Now we define the norm and the trace of an element in a finite field. (see [22, Chapter 2] for more details).

Definition 4

For \(\alpha \in {{\mathbb {F}}}_{q^n}\) the norm \(\mathrm{N}_{{\mathbb{F}_{q^n}} / {\mathbb{F}_q}}(\alpha )\) of \(\alpha\) is defined by

$$\begin{aligned} \mathrm{N}_{{{\mathbb {F}}}_{q^n}/{{\mathbb {F}}}_q}(\alpha ) = \alpha \cdot \alpha ^q\cdot \alpha ^{q^2}\cdots \alpha ^{q^{n-1}}=\alpha ^{(q^n-1)/(q-1)}, \end{aligned}$$

and the trace \(\mathrm{Tr}_{{{\mathbb {F}}}_{q^n}/{{\mathbb {F}}}_q}(\alpha )\) of \(\alpha\) is defined by

$$\begin{aligned} \mathrm{Tr}_{{{\mathbb {F}}}_{q^n}/{{\mathbb {F}}}_q}(\alpha )=\alpha +\alpha ^{q}+\cdots +\alpha ^{q^{n-1}}. \end{aligned}$$

In particular, \(\mathrm{N}_{{{\mathbb {F}}}_{q^n}/{{\mathbb {F}}}_q}(\alpha )\) and \(\mathrm{Tr}_{{{\mathbb {F}}}_{q^n}/{{\mathbb {F}}}_q}(\alpha )\) are elements of \({{\mathbb {F}}}_{q}\).

Definition 5

[22, Chapter 5] Let \(\chi\) be an additive and \(\psi\) be a multiplicative character of \({{\mathbb {F}}}_{q}\).
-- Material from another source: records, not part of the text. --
(* A finite simple graph is a finType V of vertices with a symmetric,
   irreflexive adjacency relation adj : rel V.  Edges are the 2-element
   vertex sets {x, y} with adj x y. *)

Definition edge_set {V : finType} (adj : rel V) : {set {set V}} :=
  [set e : {set V} | [exists x, exists y, adj x y && (e == [set x; y])]].

Definition edge_type {V : finType} (adj : rel V) : finType :=
  {e : {set V} | e \in edge_set adj}.

Definition elt_type {V : finType} (adj : rel V) : finType :=
  (V + edge_type adj)%type.

Definition subgraph_iso {V W : finType} (adj : rel V) (adjH : rel W)
    (V' : {set V}) (E' : {set edge_type adj}) : Prop :=
  (forall e : edge_type adj, e \in E' -> val e \subset V') /\
  exists f : W -> V, injective f /\ V' = f @: [set: W] /\
    forall a b, adjH a b = ([set f a; f b] \in [set val e | e in E']).

Definition H_covering {V W : finType} (adj : rel V) (adjH : rel W) : Prop :=
  forall e : edge_type adj, exists V' E',
    subgraph_iso adj adjH V' E' /\ e \in E'.

Definition weight {V : finType} (adj : rel V) (lam : elt_type adj -> nat)
    (V' : {set V}) (E' : {set edge_type adj}) : nat :=
  \sum_(v in V') lam (inl v) + \sum_(e in E') lam (inr e).

Definition total_labeling {V : finType} (adj : rel V)
    (lam : elt_type adj -> nat) : Prop :=
  injective lam /\
  forall k, (0 < k <= #|V| + #|edge_set adj|) <-> exists x, lam x = k.

Definition H_magic_labeling {V W : finType} (adj : rel V) (adjH : rel W)
    (lam : elt_type adj -> nat) : Prop :=
  total_labeling adj lam /\
  exists c, forall V' E', subgraph_iso adj adjH V' E' -> weight adj lam V' E' = c.

Definition H_supermagic_labeling {V W : finType} (adj : rel V) (adjH : rel W)
    (lam : elt_type adj -> nat) : Prop :=
  H_magic_labeling adj adjH lam /\
  forall k, (0 < k <= #|V|) <-> exists v, lam (inl v) = k.

Definition H_supermagic {V W : finType} (adj : rel V) (adjH : rel W) : Prop :=
  H_covering adj adjH /\ exists lam, H_supermagic_labeling adj adjH lam.

Definition cycle_adj (k : nat) : rel 'I_k :=
  fun i j => (val j == (val i).+1 %% k) || (val i == (val j).+1 %% k).

(* Triangular ladder TL_n: vertex (i, false) = u_{i+1}, (i, true) = v_{i+1}
   (0-based indices).  Edges u_i v_i, u_i u_{i+1}, v_i v_{i+1}, u_{i+1} v_i. *)
Definition TL_adj (n : nat) : rel ('I_n * bool) :=
  fun x y =>
    let: (i, a) := x in let: (j, b) := y in
    [|| (i == j) && (a != b),
        (a == b) && ((val j == (val i).+1) || (val i == (val j).+1)),
        [&& ~~ a, b & val i == (val j).+1] |
        [&& a, ~~ b & val j == (val i).+1] ].

Definition copies_adj (m : nat) {V : finType} (adj : rel V) : rel ('I_m * V) :=
  fun x y => (x.1 == y.1) && adj x.2 y.2.

From mathcomp Require Import all_boot zify.

(* List the vertices of TL_n as u_1, v_1, u_2, v_2, ...: then TL_n is the square of the
   path on 2n vertices, its triangles are the triples of consecutive positions p, p+1,
   p+2, and every edge lies in one of them.  In copy j of mTL_n the vertex at position p
   gets label m p + j + 1, so the vertices get 1, ..., 2mn; the edges {p, p+1} get the
   top labels counted down in the same order, and the edges {p, p+2} the labels just
   below those.  Along a triangle the three vertex labels grow by 3m per step of p and
   the three edge labels drop by 3m, so every triangle has the same weight. *)

Set Implicit Arguments.
Unset Strict Implicit.

Lemma eq_set2 (T : finType) (a b x y : T) : a != b -> [set a; b] = [set x; y] ->
  (a = x /\ b = y) \/ (a = y /\ b = x).
Proof.
move=> ab E; have := set21 a b; have := set22 a b; rewrite E.
by do 2!case/set2P=> ?; subst; first [by left | by right | by rewrite eqxx in ab].
Qed.

Lemma cycle3E (a b : 'I_3) : cycle_adj 3 a b = (a != b).
Proof. by case: a b => [[|[|[|a]]] ha] [[|[|[|b]]] hb]. Qed.

Lemma card_labeling (T : finType) (lab : T -> nat) K : injective lab ->
  (forall k, 0 < k <= K <-> exists x, lab x = k) -> #|T| = K.
Proof.
move=> lab_inj lab_im; rewrite cardE -(size_map lab) -(size_iota 1 K).
apply/perm_size/uniq_perm; [by rewrite map_inj_uniq ?enum_uniq | exact: iota_uniq |].
move=> k; rewrite mem_iota; apply/mapP/idP => [[x _ ->] | hk].
  by have /lab_im : exists y, lab y = lab x by exists x.
by have [|x <-] := (lab_im k).1; [lia | exists x; rewrite ?mem_enum].
Qed.

Lemma total_labeling_onto (V : finType) (adj : rel V) (lam : elt_type adj -> nat) K :
  injective lam -> (forall k, 0 < k <= K <-> exists x, lam x = k) ->
  total_labeling adj lam.
Proof.
move=> lam_inj lam_im; split=> // k.
suff -> : #|V| + #|edge_set adj| = K by exact: lam_im.
by rewrite -(card_labeling lam_inj lam_im) card_sum card_sig; congr (_ + _); apply: eq_card.
Qed.

Local Notation o0 := (@Ordinal 3 0 isT).
Local Notation o1 := (@Ordinal 3 1 isT).
Local Notation o2 := (@Ordinal 3 2 isT).

Lemma ord3P (a : 'I_3) : [\/ a = o0, a = o1 | a = o2].
Proof.
by case: a => [[|[|[|a]]] ha] //; [apply: Or31 | apply: Or32 | apply: Or33]; apply: val_inj.
Qed.

Lemma sum_ord3 (F : 'I_3 -> nat) : \sum_(a in [set: 'I_3]) F a = F o0 + F o1 + F o2.
Proof.
rewrite (eq_bigl xpredT); last by move=> a; rewrite /= in_setT.
rewrite !big_ord_recl big_ord0 addn0 addnA.
by congr (F _ + F _ + F _); apply: val_inj.
Qed.

Lemma sum_set3 (T : finType) (F : T -> nat) a b c : a != b -> a != c -> b != c ->
  \sum_(x in [set a; b; c]) F x = F a + F b + F c.
Proof.
move=> ab ac bc; rewrite -setUA big_setU1 /=; last by rewrite !inE negb_or ab ac.
by rewrite big_setU1 ?big_set1 ?inE // addnA.
Qed.

Section SimpleGraph.
Variables (V : finType) (adj : rel V).

Lemma edge_typeP (e : edge_type adj) : exists x y, adj x y /\ val e = [set x; y].
Proof.
by have /[!inE]/existsP[x /existsP[y /andP[xy /eqP ->]]] := valP e; exists x, y.
Qed.

Lemma edge_set2 x y : adj x y -> [set x; y] \in edge_set adj.
Proof.
by move=> xy; rewrite inE; apply/existsP; exists x; apply/existsP; exists y; rewrite xy /=.
Qed.

Definition edge_of x y (xy : adj x y) : edge_type adj := exist _ [set x; y] (edge_set2 xy).

Hypotheses (adj_sym : symmetric adj) (adj_irr : irreflexive adj).

Lemma edge_setE x y : ([set x; y] \in edge_set adj) = adj x y.
Proof.
apply/idP/idP => [|/edge_set2 //].
rewrite inE => /existsP[u /existsP[w /andP[uw /eqP E]]].
have u_w : u != w by apply: contraTneq uw => ->; rewrite adj_irr.
by case: (eq_set2 u_w (esym E)) => -[<- <-]; rewrite // adj_sym.
Qed.

Lemma induced_subgraph_iso (W : finType) (adjH : rel W) (f : W -> V) :
  injective f -> (forall a b, adjH a b = adj (f a) (f b)) ->
  subgraph_iso adj adjH (f @: setT) [set e : edge_type adj | val e \subset f @: setT].
Proof.
move=> f_inj f_adj; split=> [e|]; first by rewrite inE.
exists f; do 2!split=> //; move=> a b; rewrite f_adj.
apply/idP/imsetP => [fab | [e _ E]]; last by rewrite -edge_setE E (valP e).
exists (edge_of fab) => //; rewrite inE.
by apply/subsetP => v /set2P[] ->; apply: imset_f; rewrite inE.
Qed.

Lemma triangle_weight (lam : elt_type adj -> nat) V' E' :
  subgraph_iso adj (cycle_adj 3) V' E' ->
  exists x y z (exy exz eyz : edge_type adj),
    [/\ val exy = [set x; y], val exz = [set x; z], val eyz = [set y; z] &
        weight adj lam V' E' = lam (inl x) + lam (inl y) + lam (inl z)
                             + (lam (inr exy) + lam (inr exz) + lam (inr eyz))].
Proof.
case=> E'V' [f [f_inj [V'f f_adj]]]; subst V'.
have edge_in a b : a != b -> exists2 e, e \in E' & val e = [set f a; f b].
  by move=> ab; move: (f_adj a b); rewrite cycle3E ab => /esym/imsetP[e ? ->]; exists e.
have [e01 E'e01 v01] := edge_in o0 o1 isT.
have [e02 E'e02 v02] := edge_in o0 o2 isT.
have [e12 E'e12 v12] := edge_in o1 o2 isT.
exists (f o0), (f o1), (f o2), e01, e02, e12; split=> //.
have E'E : E' = [set e01; e02; e12].
  apply/setP => e; apply/idP/idP => [eE' | ]; last by rewrite !inE -orbA => /or3P[] /eqP ->.
  have [u [w [uw ve]]] := edge_typeP e.
  have /imsetP[a _ ua] : u \in f @: setT by apply: (subsetP (E'V' e eE')); rewrite ve set21.
  have /imsetP[b _ wb] : w \in f @: setT by apply: (subsetP (E'V' e eE')); rewrite ve set22.
  suff : [\/ val e = val e01, val e = val e02 | val e = val e12].
    by case=> /val_inj ->; rewrite !inE eqxx ?orbT.
  rewrite {}ua {}wb in uw ve; rewrite ve v01 v02 v12.
  case: (ord3P a) uw => ->; case: (ord3P b) => ->; rewrite ?adj_irr // => _.
  1-6: rewrite ?[[set f _; f o0]]setUC ?[[set f o2; f o1]]setUC.
  1-6: by [apply: Or31 | apply: Or32 | apply: Or33].
have edge_ne v (e e' : edge_type adj) : v \in val e -> v \notin val e' -> e != e'.
  by move=> ve; apply: contraNneq => <-.
rewrite /weight big_imset /=; last by move=> a b _ _ /f_inj.
rewrite sum_ord3 E'E sum_set3 //.
- by apply: (edge_ne (f o1)); rewrite ?v01 ?v02 !inE ?(inj_eq f_inj).
- by apply: (edge_ne (f o0)); rewrite ?v01 ?v12 !inE ?(inj_eq f_inj).
- by apply: (edge_ne (f o0)); rewrite ?v02 ?v12 !inE ?(inj_eq f_inj).
Qed.
End SimpleGraph.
Then \(\chi\) and \(\psi\) can be lifted to \({{\mathbb {F}}}_{q^n}\) by setting \(\chi '(\alpha )=\chi (\text{ Tr }_{{{\mathbb {F}}}_{q^n}/{{\mathbb {F}}}_q}(\alpha ))\) for \(\alpha \in {{\mathbb {F}}}_{q^n}\) and \(\psi '(\alpha )=\psi (\text{ N }_{{{\mathbb {F}}}_{q^n}/{{\mathbb {F}}}_q}(\alpha ))\) for \(\alpha \in {{\mathbb {F}}}_{q^n}^{*}\). Also from the additivity of the trace and multiplicativity of the norm, \(\chi '\) is an additive and \(\psi ^{'}\) is a multiplicative character of \({{\mathbb {F}}}_{q^n}\).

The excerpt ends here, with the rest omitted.